## Records to use

(* A point with positive Pi-neighbourhood degree in U lies in a basic box
   prod_(s in T) W_s contained in U, with T finite.  For t outside T, moving a
   point of the box along the t-th coordinate stays in the box, so the
   projection p_t maps U onto X_t; it is also continuous from (U, Pi/U) to
   (X_t, (tau_P)_t), since (tau_P)_t(W) <= beta_P(p_t^-1 W) <= Pi(p_t^-1 W).
   The compactness degree Gamma can only grow along continuous surjections, so
   Gamma(U, Pi/U) <= inf_(t notin T) Gamma(X_t, (tau_P)_t). *)

Section BoundedSupInf.
Variable R : realType.
Implicit Types (A : set R) (a m M : R).

Lemma fsup_ge0 A : 0 <= fsup A.
Proof.
rewrite /fsup; have [hub|nub] := pselect (has_ubound (A `|` [set 0])).
  by apply: ub_le_sup => //; right.
by rewrite sup_out // => -[].
Qed.

Lemma fsup_ub A M a : (forall b, A b -> b <= M) -> A a -> a <= fsup A.
Proof.
move=> AM Aa; apply: ub_le_sup; last by left.
by exists (Num.max M 0) => b [/AM bM|->]; rewrite le_max ?bM ?lexx ?orbT.
Qed.

Lemma ge_fsup A M : 0 <= M -> (forall b, A b -> b <= M) -> fsup A <= M.
Proof.
move=> M0 AM; apply: ge_sup; first by exists 0; right.
by move=> b [/AM|->].
Qed.

Lemma fsup_gt0 A : 0 < fsup A -> exists2 a, A a & 0 < a.
Proof.
move=> A_gt0; apply: contrapT => noA; move: A_gt0; apply/negP; rewrite -leNgt.
by apply: ge_fsup => // b Ab; rewrite leNgt; apply/negP => b0; apply: noA; exists b.
Qed.

Lemma finf_le1 A : finf A <= 1.
Proof.
rewrite /finf; have [hlb|nlb] := pselect (has_lbound (A `|` [set 1])).
  by apply: ge_inf => //; right.
by rewrite inf_out // => -[].
Qed.

Lemma finf_lb A m a : (forall b, A b -> m <= b) -> A a -> finf A <= a.
Proof.
move=> Am Aa; apply: ge_inf; last by left.
by exists (Num.min m 1) => b [/Am mb|->]; rewrite ge_min ?mb ?lexx ?orbT.
Qed.

Lemma le_finf A m : m <= 1 -> (forall b, A b -> m <= b) -> m <= finf A.
Proof.
move=> m1 Am; apply: lb_le_inf; first by exists 1; right.
by move=> b [/Am|->].
Qed.

Lemma finf_set1 a : a <= 1 -> finf [set a] = a.
Proof.
move=> a1; apply/le_anti/andP; split; first by apply: (@finf_lb _ _ a) => // b ->.
by apply: le_finf => // b ->.
Qed.

End BoundedSupInf.

Arguments fsup_ub {R A} M {a}.
Arguments finf_lb {R A} m {a}.

(* Łukasiewicz conjunction and implication, the truth values of the fuzzy
   logic in which the degree of compactness is written. *)
Section Lukasiewicz.
Variable R : realType.
Implicit Types a b : R.

Definition luk_conj a b : R := Num.max 0 (a + b - 1).
Definition luk_impl a b : R := Num.min 1 (1 - a + b).

Lemma luk_conj_le1 a b : a <= 1 -> b <= 1 -> luk_conj a b <= 1.
Proof. by move=> a1 b1; rewrite ge_max ler01 /=; lra. Qed.

Lemma luk_conj_le a1 a2 b1 b2 :
  a1 <= a2 -> b1 <= b2 -> luk_conj a1 b1 <= luk_conj a2 b2.
Proof. by move=> ha hb; rewrite ge_max !le_max lexx /=; apply/orP; right; lra. Qed.

Lemma luk_impl_le a1 a2 b1 b2 :
  a2 <= a1 -> b1 <= b2 -> luk_impl a1 b1 <= luk_impl a2 b2.
Proof. by move=> ha hb; rewrite le_min !ge_min lexx /=; apply/orP; right; lra. Qed.

Lemma luk_impl_ge0 a b : a <= 1 -> 0 <= b -> 0 <= luk_impl a b.
Proof. by move=> a1 b0; rewrite le_min ler01 /=; lra. Qed.

Lemma luk_impl0 b : 0 <= b -> luk_impl 0 b = 1.
Proof. by move=> b0; apply/min_idPl; lra. Qed.

End Lukasiewicz.

Section CompactnessDegree.
Variables (R : realType) (T : Type) (A : set T).

Lemma FFdeg_le1 (P : set T -> R) : FFdeg A P <= 1.
Proof.
rewrite /FFdeg; suff : 0 <= finf [set d : R | 0 <= d <= 1 /\
                   finite_set [set B : set T | B `<=` A /\ d < P B]] by lra.
by apply: le_finf => // d [/andP[]].
Qed.

Definition subfamily (Re P : set T -> R) : Prop :=
  is_fuzzy P /\ forall B, B `<=` A -> P B <= Re B.

(* The degree of "if Re is an open cover of A, then some subfamily of Re is a
   finite cover of A"; Gamma is its infimum over all fuzzy families Re. *)
Definition Gamma_cover (rho Re : set T -> R) : R :=
  luk_impl (luk_conj (Kdeg A Re) (incl_deg A Re rho))
    (fsup [set luk_conj (Kdeg A P) (FFdeg A P) | P in subfamily Re]).

Lemma Gamma_cover_ge0 rho Re : 0 <= Gamma_cover rho Re.
Proof.
by apply: luk_impl_ge0; rewrite ?luk_conj_le1 ?finf_le1 ?fsup_ge0.
Qed.

Lemma Gamma_le_cover rho Re : is_fuzzy Re -> Gamma A rho <= Gamma_cover rho Re.
Proof.
move=> Re_fuzzy; apply: (finf_lb 0); last by exists Re.
by move=> _ [Re' _ <-]; exact: Gamma_cover_ge0.
Qed.

Lemma ge_Gamma rho (g : R) : g <= 1 ->
  (forall Re, is_fuzzy Re -> g <= Gamma_cover rho Re) -> g <= Gamma A rho.
Proof. by move=> g1 gRe; apply: le_finf => // _ [Re /gRe gRe' <-]. Qed.

End CompactnessDegree.

Section ContinuousImage.
Variables (R : realType) (T1 T2 : Type) (A : set T1) (f : T1 -> T2).
Variables (rho1 : set T1 -> R) (rho2 : set T2 -> R).
Hypothesis f_onto : forall y, exists2 x, A x & f x = y.
Hypothesis f_cont : forall W, rho2 W <= rho1 (A `&` f @^-1` W).
Hypothesis rho1_ge0 : forall C, 0 <= rho1 C.
Hypothesis rho2_ge0 : forall W, 0 <= rho2 W.

Let pre W := A `&` f @^-1` W.

Lemma image_pre W : f @` pre W = W.
Proof.
apply/seteqP; split => [_ [x [_ Wfx] <-] //|y Wy].
by have [x Ax fxy] := f_onto y; exists x; rewrite // /pre /= fxy.
Qed.

Lemma pre_inj : injective pre.
Proof. by move=> W1 W2 eW; rewrite -[W1]image_pre eW image_pre. Qed.

Definition pullback (Re : set T2 -> R) (C : set T1) : R :=
  if pselect (exists W, C = pre W) then Re (f @` C) else 0.

Lemma pullback_pre Re W : pullback Re (pre W) = Re W.
Proof.
rewrite /pullback; case: pselect => [preW|[]]; last by exists W.
by rewrite image_pre.
Qed.

Lemma pullback_out Re C : ~ (exists W, C = pre W) -> pullback Re C = 0.
Proof. by rewrite /pullback; case: pselect. Qed.

Lemma pullback_fuzzy Re : is_fuzzy Re -> is_fuzzy (pullback Re).
Proof.
move=> Re_fuzzy C; rewrite /pullback.
by case: pselect => preC; [exact: Re_fuzzy|rewrite lexx ler01].
Qed.

Lemma Kdeg_pullback Re : is_fuzzy Re -> Kdeg setT Re <= Kdeg A (pullback Re).
Proof.
move=> Re_fuzzy; apply: le_finf; first exact: finf_le1.
move=> _ [x Ax <-].
apply: (@le_trans _ _ (fsup [set Re W | W in [set W | W `<=` setT /\ W (f x)]])).
  by apply: (finf_lb 0); [move=> _ [y _ <-]; exact: fsup_ge0|exists (f x)].
apply: ge_fsup => [|_ [W [_ Wfx] <-]]; first exact: fsup_ge0.
rewrite -pullback_pre; apply: (fsup_ub 1).
  by move=> _ [B _ <-]; case/andP: (pullback_fuzzy Re_fuzzy B).
by exists (pre W) => //; split=> //; exact: subIsetl.
Qed.

Lemma incl_deg_pullback Re : is_fuzzy Re ->
  incl_deg setT Re rho2 <= incl_deg A (pullback Re) rho1.
Proof.
move=> Re_fuzzy; apply: le_finf; first exact: finf_le1.
move=> _ [C CA <-]; have [[W ->]|notpre] := pselect (exists W, C = pre W).
  rewrite pullback_pre; apply: le_trans (luk_impl_le (lexx _) (f_cont W)).
  apply: (finf_lb 0); last by exists W.
  by move=> _ [B _ <-]; apply: luk_impl_ge0; [case/andP: (Re_fuzzy B)|].
by rewrite pullback_out // [X in _ <= X]luk_impl0 ?finf_le1.
Qed.

Lemma Kdeg_push Re (P : set T1 -> R) : is_fuzzy P ->
  (forall C, C `<=` A -> P C <= pullback Re C) -> Kdeg A P <= Kdeg setT (P \o pre).
Proof.
move=> P_fuzzy P_le; apply: le_finf; first exact: finf_le1.
move=> _ [y _ <-]; have [x Ax fxy] := f_onto y.
apply: (@le_trans _ _ (fsup [set P C | C in [set C | C `<=` A /\ C x]])).
  by apply: (finf_lb 0); [move=> _ [z _ <-]; exact: fsup_ge0|exists x].
apply: ge_fsup => [|_ [C [CA Cx] <-]]; first exact: fsup_ge0.
have [[W eC]|notpre] := pselect (exists W, C = pre W).
  apply: (fsup_ub 1); first by move=> _ [B _ <-]; case/andP: (P_fuzzy (pre B)).
  by exists W; rewrite /= -?eC //; split=> //; rewrite -fxy; move: Cx; rewrite eC => -[].
by apply: le_trans (P_le _ CA) _; rewrite pullback_out ?fsup_ge0.
Qed.

Lemma FFdeg_push (P : set T1 -> R) : FFdeg A P <= FFdeg setT (P \o pre).
Proof.
rewrite /FFdeg lerD2l lerN2; apply: le_finf; first exact: finf_le1.
move=> d [d01 finP]; apply: (finf_lb 0); first by move=> b [/andP[]].
split=> //; have -> : [set W | W `<=` setT /\ d < (P \o pre) W] =
    pre @^-1` [set C | C `<=` A /\ d < P C].
  by apply/seteqP; split=> [W [_ dW]|W [_ dW]] //; split=> //; exact: subIsetl.
by apply: finite_preimage => // W1 W2 _ _; exact: pre_inj.
Qed.

Lemma Gamma_cover_pullback Re : is_fuzzy Re ->
  Gamma_cover A rho1 (pullback Re) <= Gamma_cover setT rho2 Re.
Proof.
move=> Re_fuzzy; apply: luk_impl_le.
  by apply: luk_conj_le; [exact: Kdeg_pullback|exact: incl_deg_pullback].
apply: ge_fsup => [|_ [P [P_fuzzy P_le] <-]]; first exact: fsup_ge0.
apply: le_trans (luk_conj_le (Kdeg_push P_fuzzy P_le) (FFdeg_push P)) _.
apply: (fsup_ub 1); first by move=> _ [Q _ <-]; rewrite luk_conj_le1 ?finf_le1 ?FFdeg_le1.
exists (P \o pre) => //; split=> [W|W _]; first exact: P_fuzzy.
by rewrite -(pullback_pre Re W); apply: P_le; exact: subIsetl.
Qed.

Lemma Gamma_le_image : Gamma A rho1 <= Gamma setT rho2.
Proof.
apply: ge_Gamma => [|Re Re_fuzzy]; first exact: finf_le1.
apply: le_trans (Gamma_cover_pullback Re_fuzzy).
exact/Gamma_le_cover/pullback_fuzzy.
Qed.

End ContinuousImage.

Lemma preopen_ge0 (R : realType) (Z : Type) (tau : set Z -> R) (A : set Z) :
  0 <= preopen tau A.
Proof. by apply: le_finf => // _ [z _ <-]; exact: fsup_ge0. Qed.

Section ProductPreopen.
Variables (R : realType) (S : Type) (Xs : S -> Type).
Variable tau : forall s, set (Xs s) -> R.
Arguments tau : clear implicits.

Definition box (T : set S) (W : forall s, set (Xs s)) : set (prodX Xs) :=
  [set x | forall s, T s -> W s (x s)].

Lemma betaP_le1 V : betaP tau V <= 1.
Proof. by apply: ge_fsup => // r [T [W [_ _ ->]]]; exact: finf_le1. Qed.

Lemma PiP_le1 V : PiP tau V <= 1.
Proof. by apply: ge_fsup => // _ [F _ <-]; exact: finf_le1. Qed.

Lemma preopen_le_betaP_proj (t : S) (W : set (Xs t)) :
  preopen (tau t) W <= betaP tau ((proj t) @^-1` W).
Proof.
pose W' s : set (Xs s) := fun y => forall e : s = t, W (eq_rect s Xs y t e).
have W't : W' t = W.
  apply/funext => y; apply/propext; split=> [/(_ erefl) //|Wy e].
  by rewrite (Prop_irrelevance e erefl).
apply: (fsup_ub 1); first by move=> r [T [W0 [_ _ ->]]]; exact: finf_le1.
exists [set t], W'; split; first exact: finite_set1.
  by apply/seteqP; split=> [x /(_ t erefl)|x Wx s ->]; rewrite W't.
by rewrite image_set1 W't finf_set1 // finf_le1.
Qed.

Lemma betaP_le_PiP V : betaP tau V <= PiP tau V.
Proof.
apply: (fsup_ub 1); first by move=> _ [F _ <-]; exact: finf_le1.
exists [set V]; first by rewrite /= bigcup_set1.
by rewrite image_set1 finf_set1 // betaP_le1.
Qed.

## What the task asks
With the line holding "by apply: (finf_lb 0); [move=> _ [z" as the first and the line holding "Arguments tau : clear implicits." as the last, set down that range of the entries above exactly, and nothing else.

## Answer box
  by apply: (finf_lb 0); [move=> _ [z _ <-]; exact: fsup_ge0|exists x].
apply: ge_fsup => [|_ [C [CA Cx] <-]]; first exact: fsup_ge0.
have [[W eC]|notpre] := pselect (exists W, C = pre W).
  apply: (fsup_ub 1); first by move=> _ [B _ <-]; case/andP: (P_fuzzy (pre B)).
  by exists W; rewrite /= -?eC //; split=> //; rewrite -fxy; move: Cx; rewrite eC => -[].
by apply: le_trans (P_le _ CA) _; rewrite pullback_out ?fsup_ge0.
Qed.

Lemma FFdeg_push (P : set T1 -> R) : FFdeg A P <= FFdeg setT (P \o pre).
Proof.
rewrite /FFdeg lerD2l lerN2; apply: le_finf; first exact: finf_le1.
move=> d [d01 finP]; apply: (finf_lb 0); first by move=> b [/andP[]].
split=> //; have -> : [set W | W `<=` setT /\ d < (P \o pre) W] =
    pre @^-1` [set C | C `<=` A /\ d < P C].
  by apply/seteqP; split=> [W [_ dW]|W [_ dW]] //; split=> //; exact: subIsetl.
by apply: finite_preimage => // W1 W2 _ _; exact: pre_inj.
Qed.

Lemma Gamma_cover_pullback Re : is_fuzzy Re ->
  Gamma_cover A rho1 (pullback Re) <= Gamma_cover setT rho2 Re.
Proof.
move=> Re_fuzzy; apply: luk_impl_le.
  by apply: luk_conj_le; [exact: Kdeg_pullback|exact: incl_deg_pullback].
apply: ge_fsup => [|_ [P [P_fuzzy P_le] <-]]; first exact: fsup_ge0.
apply: le_trans (luk_conj_le (Kdeg_push P_fuzzy P_le) (FFdeg_push P)) _.
apply: (fsup_ub 1); first by move=> _ [Q _ <-]; rewrite luk_conj_le1 ?finf_le1 ?FFdeg_le1.
exists (P \o pre) => //; split=> [W|W _]; first exact: P_fuzzy.
by rewrite -(pullback_pre Re W); apply: P_le; exact: subIsetl.
Qed.

Lemma Gamma_le_image : Gamma A rho1 <= Gamma setT rho2.
Proof.
apply: ge_Gamma => [|Re Re_fuzzy]; first exact: finf_le1.
apply: le_trans (Gamma_cover_pullback Re_fuzzy).
exact/Gamma_le_cover/pullback_fuzzy.
Qed.

End ContinuousImage.

Lemma preopen_ge0 (R : realType) (Z : Type) (tau : set Z -> R) (A : set Z) :
  0 <= preopen tau A.
Proof. by apply: le_finf => // _ [z _ <-]; exact: fsup_ge0. Qed.

Section ProductPreopen.
Variables (R : realType) (S : Type) (Xs : S -> Type).
Variable tau : forall s, set (Xs s) -> R.
Arguments tau : clear implicits.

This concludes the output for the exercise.